Written by Aleena Reyan (within the story)
(Verse 1)
They dressed me in ribbons, said, “Smile for the light,”
Painted my silence and sold it as bright.
Hands on my shoulder, too firm, too cold,
Said “This is your dream,” as they tightened their hold.
(Pre-Chorus)
But I learned to sing without making a sound,
Hiding my truth while they spun me around.
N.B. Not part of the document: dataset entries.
(* Distances in G are
   word lengths over the letters of X (mapped by pi o f). *)
Definition quasigeodesic_word {E G : Group} {X : Type} (f : X -> E)
  (pi : E -> G) (lambda : R) (w : list X) : Prop :=
  let p := fun t : nat => pi (evalw f (firstn t w)) in
  forall s t : nat, (s <= length w)%nat -> (t <= length w)%nat ->
    let dst := INR (Nat.max s t - Nat.min s t) in
    (forall u : list X, pi (evalw f u) = gmul (ginv (p s)) (p t) ->
        (dst / lambda <= INR (length u))%R) /\
    (exists u : list X, pi (evalw f u) = gmul (ginv (p s)) (p t) /\
        (INR (length u) <= lambda * dst)%R).

(* Words over X evaluating to a central element iota n satisfy n <= D len: through a
   set-theoretic section of pi this reduces to loops of G over a generating set S
   satisfying the four-point condition. Such loops admit Dehn's algorithm (a nontrivial
   loop contains a subword of bounded length with a strictly shorter equivalent), and
   each shortening changes the lifted value by one of finitely many central elements.

   For C >= D the shifted values (evalw f w) * iota (-C len w) in a fibre are then
   bounded above, so a maximum exists. If C > D and w is maximal, replacing a subword B
   of w by any u with the same image in G multiplies evalw f w by some iota m with
   C (|B| - |u|) <= m <= D (|B| + |u|), so |B| <= (C + D) |u|: the path of w is a
   (C + D, 0)-quasigeodesic. *)

From Pilot Require Import Defs.
From Stdlib Require Import Reals ZArith List Lia Lra Wf_nat Classical ClassicalEpsilon.
Import ListNotations.

Section GroupFacts.
Variable G : Group.
Implicit Types a b c : G.

Lemma gmul_cancel_l a b c : gmul a b = gmul a c -> b = c.
Proof.
  intro H. rewrite <- (gmul1l G b), <- (gmul1l G c), <- (gmulVl G a), <- !gmulA, H.
  reflexivity.
Qed.

Lemma ginv_unique a b : gmul a b = gone -> b = ginv a.
Proof. intro H. apply (gmul_cancel_l a). rewrite H, gmulVr. reflexivity. Qed.

Lemma ginv_mul a b : ginv (gmul a b) = gmul (ginv b) (ginv a).
Proof.
  symmetry. apply ginv_unique.
  rewrite <- gmulA, (gmulA G b), gmulVr, gmul1l, gmulVr. reflexivity.
Qed.

Lemma ginv_one : ginv (gone : G) = gone.
Proof. symmetry. apply ginv_unique. apply gmul1l. Qed.

Lemma ginv_involutive a : ginv (ginv a) = a.
Proof. symmetry. apply ginv_unique. apply gmulVl. Qed.

Lemma gmul_inv_cancel_l a b : gmul (ginv a) (gmul a b) = b.
Proof. rewrite gmulA, gmulVl, gmul1l. reflexivity. Qed.

End GroupFacts.

Section Homomorphisms.
Variables (G H : Group) (p : G -> H).
Hypothesis p_hom : is_hom p.

Lemma hom_one : p gone = gone.
Proof.
  apply (gmul_cancel_l H (p gone)). rewrite <- p_hom, !gmul1r. reflexivity.
Qed.

Lemma hom_inv a : p (ginv a) = ginv (p a).
Proof. apply ginv_unique. rewrite <- p_hom, gmulVr. exact hom_one. Qed.

Lemma evalw_hom (X : Type) (f : X -> G) (u : list X) :
  p (evalw f u) = evalw (fun x => p (f x)) u.
Proof.
  induction u as [|x u IH]; simpl.
  - exact hom_one.
  - rewrite p_hom, IH. reflexivity.
Qed.

End Homomorphisms.

Definition segment {A : Type} (s t : nat) (w : list A) : list A :=
  firstn (t - s) (skipn s w).

Lemma firstn_segment {A : Type} (w : list A) (s t : nat) :
  s <= t -> firstn t w = firstn s w ++ segment s t w.
Proof.
  intro Hst. unfold segment.
  destruct (le_lt_dec s (length w)) as [Hs|Hs].
  - rewrite <- (firstn_skipn s w) at 1.
    replace t with (length (firstn s w) + (t - s)) at 1
      by (rewrite firstn_length_le by exact Hs; lia).
    apply firstn_app_2.
  - rewrite !firstn_all2 by lia. rewrite skipn_all2 by lia.
    rewrite firstn_nil, app_nil_r. reflexivity.
Qed.

Lemma segment_decomposition {A : Type} (w : list A) (s t : nat) :
  s <= t -> w = firstn s w ++ segment s t w ++ skipn t w.
Proof.
  intro Hst. rewrite app_assoc, <- firstn_segment by exact Hst.
  symmetry. apply firstn_skipn.
Qed.

Lemma length_segment {A : Type} (w : list A) (s t : nat) :
  t <= length w -> length (segment s t w) = t - s.
Proof. intro Ht. unfold segment. apply firstn_length_le. rewrite length_skipn. lia. Qed.

Section Words.
Variables (G : Group) (X : Type) (f : X -> G).

Lemma evalw_app (l1 l2 : list X) : evalw f (l1 ++ l2) = gmul (evalw f l1) (evalw f l2).
Proof.
  induction l1 as [|x l IH]; simpl.
  - rewrite gmul1l. reflexivity.
  - rewrite IH, gmulA. reflexivity.
Qed.

Lemma evalw_rev_map_inv (h : X -> X) (u : list X) :
  (forall x, f (h x) = ginv (f x)) -> evalw f (rev (map h u)) = ginv (evalw f u).
Proof.
  intro Hh. induction u as [|x u IH]; simpl.
  - symmetry. apply ginv_one.
  - rewrite evalw_app, IH. simpl. rewrite gmul1r, Hh, ginv_mul. reflexivity.
Qed.
(* Every mutant of player l plays as the resident a l, except in the single encounter
   ths, where mutant k plays as the resident x. *)
Definition mimic (th : TP) : TP := if th == ths then upd a k x else replace_mutants th.

Lemma replace_mutants_id (th : TP) : in_supp s th -> replace_mutants th = th.
Proof.
move=> th_in; apply/ffunP => l; rewrite ffunE; case: eqP => // th_mt.
by have := th_in l; rewrite th_mt (negbTE (mt_notin l)).
Qed.

Lemma replace_mutants_in_supp (th : TP) :
  in_supp (post_s s J mt) th -> in_supp s (replace_mutants th).
Proof.
by move=> th_in l; rewrite ffunE; case: eqP => [_|/eqP]; [exact: a_in | exact: post_s_resident].
Qed.

Lemma replace_mutants_upd (th : TP) j :
  replace_mutants (upd th j (mt j)) = upd (replace_mutants th) j (a j).
Proof. by apply/ffunP => l; rewrite !ffunE; case: (l =P j) => [->|]; rewrite ?eqxx. Qed.

Lemma ths_notin_supp (th : TP) : in_supp s th -> th != ths.
Proof. by move=> th_in; apply: contraTneq (th_in k) => ->; rewrite ths_k mt_notin. Qed.

Lemma mimic_id (th : TP) : in_supp s th -> mimic th = th.
Proof.
by move=> th_in; rewrite /mimic (negbTE (ths_notin_supp th_in)) replace_mutants_id.
Qed.

Lemma mimic_in_supp (th : TP) : in_supp (post_s s J mt) th -> in_supp s (mimic th).
Proof.
rewrite /mimic; case: eqP => _ th_in; last exact: replace_mutants_in_supp.
exact: upd_in_supp.
Qed.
Glass in my shoes, blood in my hair,
Still they crowned me queen of a golden chair.
(Chorus)
But you can’t silence a soul that bleeds,
Can’t burn down roots and kill the seeds.
I was watching through the dark despair—
You caged me in, but I wasn’t there.
Now hear my voice, it’s stripped and bare:
I was never gone.
Just waiting in that golden chair.
(Verse 2)
You bought your silence with contracts and lies,
But paper dissolves when truth starts to rise.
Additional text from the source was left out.